Medications designed to treat diabetes by lowering blood sugar levels, like Ozempic, continue to turn up added benefits, and protection from dementia may soon be added to the list.
GLP-1 receptor agonists are a particular class of glucose-lowering drugs that can significantly improve heart and kidney health in clinical trials, and recent studies suggest they could also reduce dementia risk.
That’s an appealing prospect when an estimated 6.9 million US adults are living with Alzheimer’s and related dementias today – a number that is expected to more than double by 2060.

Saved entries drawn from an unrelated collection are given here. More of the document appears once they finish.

Lemma wnorm_eq1 g : g i = 0 ->
  wnorm wV g = 1 <-> qform (WVred wV i) (restr i g) = 1.
Proof.
move=> gi; have -> : qform (WVred wV i) (restr i g) = \sum_u wV u * g u ^+ 2.
  rewrite /WVred qform_row'_col' //; apply: eq_bigr => a _.
  rewrite (bigD1 a) //= big1 ?addr0 => [|b /negbTE ba]; last first.
    by rewrite !mxE eq_sym ba mulr0 mul0r.
  by rewrite !mxE eqxx mulr1n; ring.
have norm2_ge0 : 0 <= \sum_u wV u * g u ^+ 2.
  by apply: sumr_ge0 => u _; rewrite mulr_ge0 ?sqr_ge0.
rewrite /wnorm; split=> [norm1|->]; last exact: sqrtr1.
by rewrite -(sqr_sqrtr norm2_ge0) norm1 expr1n.
Qed.

End VertexWeights.

Section Energy.
Variables (R : rcfType) (n : nat) (e : rel 'I_n) (wE : 'I_n -> 'I_n -> R).
Hypothesis wE_sym : forall u v, wE u v = wE v u.
Hypothesis wE_supp : forall u v, ~~ e u v -> wE u v = 0.

Lemma energy_double g :
  2 * energy e wE g = \sum_j \sum_k wE j k * (g k - g j) ^+ 2.
Proof.
pose F (j k : 'I_n) := wE j k * (g k - g j) ^+ 2.
have upper : energy e wE g = \sum_(j < n) \sum_(k < n) (if (j < k)%N then F j k else 0).
  apply: eq_bigr => j _; rewrite -big_mkcond /= [RHS](bigID (e j)) /=.
  rewrite [X in _ = _ + X]big1 ?addr0 // => k /andP [_ /wE_supp wjk].
  by rewrite /F wjk mul0r.
have halves : \sum_j \sum_k F j k =
    \sum_(j < n) \sum_(k < n) (if (j < k)%N then F j k else 0) +
    \sum_(j < n) \sum_(k < n) (if (k < j)%N then F j k else 0).
  rewrite -big_split; apply: eq_bigr => j _; rewrite -big_split; apply: eq_bigr => k _ /=.
  case: ltngtP => [||/val_inj ->]; rewrite ?addr0 ?add0r //.
  by rewrite /F subrr expr0n mulr0.
rewrite [RHS]halves -upper [X in _ + X]exchange_big /= mulr2n mulrDl mul1r.
congr (_ + _); rewrite upper; apply: eq_bigr => j _; apply: eq_bigr => k _.
by case: ifP => // _; rewrite /F wE_sym; ring.
Qed.

Lemma energy_qform (i : 'I_n) g : g i = 0 ->
  energy e wE g = qform (Lred wE i) (restr i g).
Proof.
move=> gi; apply: (@mulfI _ 2); first by rewrite pnatr_eq0.
by rewrite energy_double /Lred qform_row'_col' // laplacian_qform.
Qed.

Lemma min_energy_iff_qform_min (i : 'I_n) (wV : 'I_n -> R) g :
  (forall u, 0 <= wV u) -> g i = 0 ->
  (forall h, h i = 0 -> wnorm wV h = 1 -> energy e wE g <= energy e wE h) <->
  (forall y, qform (WVred wV i) y = 1 ->
     qform (Lred wE i) (restr i g) <= qform (Lred wE i) y).
Proof.
move=> wV_ge0 gi; rewrite (energy_qform gi).
split=> [g_min y Wy|g_min h hi /(wnorm_eq1 wV_ge0 hi) Wh]; last first.
  by rewrite (energy_qform hi); apply: g_min.
have := g_min (ext0 i y) (ext0_pivot i y).
rewrite (energy_qform (ext0_pivot i y)) restr_ext0; apply.
by apply/(wnorm_eq1 wV_ge0 (ext0_pivot i y)); rewrite restr_ext0.
Qed.

End Energy.

Theorem lemma6 (R : rcfType) (n : nat) (e : rel 'I_n) (i : 'I_n)
  (wE : 'I_n -> 'I_n -> R) (wV : 'I_n -> R) :
  (forall u v, e u v = e v u) ->
  (forall u v, wE u v = wE v u) ->
  (forall u v, 0 <= wE u v) ->
  (forall u v, ~~ e u v -> wE u v = 0) ->
  (forall u, 0 <= wV u) ->
  (exists u, wV u != 0) ->
  pos_connected wE ->
  forall g : 'I_n -> R, g i = 0 -> wnorm wV g = 1 ->
  ((forall h : 'I_n -> R, h i = 0 -> wnorm wV h = 1 ->
      energy e wE g <= energy e wE h)
   <->
   exists lam : R,
     is_largest_eigval (invmx (Lred wE i) *m WVred wV i) lam /\
     is_eigvec (invmx (Lred wE i) *m WVred wV i) (\col_j g (lift i j)) lam).
Proof.
move=> _ wE_sym wE_ge0 wE_supp wV_ge0 _ wE_conn g gi /(wnorm_eq1 wV_ge0 gi) Wg.
have pL := Lred_posdef i wE_sym wE_ge0 wE_conn.
rewrite (min_energy_iff_qform_min wE_sym wE_supp wV_ge0 gi).
rewrite (constrained_min_rayleigh_max pL Wg).
apply: (rayleigh_max_top_eigvec (WVred_sym wV i) (Lred_sym i wE_sym) pL).
by apply: contra_eqN Wg => /eqP ->; rewrite qformx0 eq_sym oner_eq0.
Qed.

We already know diabetes is a risk factor for dementia, and that people with diabetes are more likely to experience strokes from blood clots in the brain, which are known to sometimes result in vascular dementia.
“But whether glucose-lowering therapies can help prevent cognitive decline has remained unclear,” says Catriona Reddin, a medical researcher from the University of Galway. “Our findings suggest that GLP-1 receptor agonists, in particular, may have a protective effect on brain health.”
The study Reddin worked on was led by University of Galway medical students Allie Seminer and Alfredi Mulihano. A second, separate study from a University of Florida team was led by epidemiologist Huilin Tang.
Both teams studied how glucose-lowering drugs with cardiovascular benefits, like GLP-1 agonists and SGLT2 inhibitors, were associated with risk of cognitive impairment and dementia, specifically in people with type 2 diabetes.
Seminer’s team analyzed the results of 26 randomized clinical trials, equating to more than 160,000 participants, which compared dementia diagnoses or cognitive scores among people who took glucose-lowering therapies, and those who didn’t.
They found people who used GLP-1RAs had a 45 percent lower risk of all-cause dementia and cognitive impairment, though this was not the case for those using SGLT2is.
But on closer inspection of dementia subtypes, these therapies had no association with lowering vascular dementia, Alzheimer disease, or Lewy body dementia.
“This is surprising because we would expect first-line cardioprotective glucose-lowering therapies, like GLP1-RAs and SGLT2is, which reduce cardiovascular dis- ease risk, to also decrease the risk of vascular dementia,” University of California San Francisco medical doctor Diana Thiara writes in an editorial published alongside the papers.
The second study, led by Tang, was a target trial emulation using records from 396,963 patients with type 2 diabetes. The researchers analyzed the risk of Alzheimer’s and related dementias, comparing results for people who used GLP-1RAs and those taking SGLT2is or other kinds of glucose-lowering therapies.
This study found statistically significant risk reductions in Alzheimer’s disease and related dementias among people who used cardioprotective glucose-lowering therapies, regardless of whether they were GLP-1RAs or SGLT2is. This was not the case for other kinds of glucose-lowering therapies.
“These results support the potential neuroprotections of GLP-1RAs and SGLT2is and highlight their possible role in Alzheimer’s and related dementia prevention strategies,” Tang and team write.
Thiara points out that both papers were limited by short follow-up durations, low dementia rates, confounding factors that muddy observational studies, and the broad strokes taken in classifying these drugs, which may contain different active ingredients.
“With the advent of more potent GLP-1RAs, like semaglutide, it is crucial to study these newer medications individually rather than grouping them with older drugs in the same class, as their effects may differ significantly,” she notes.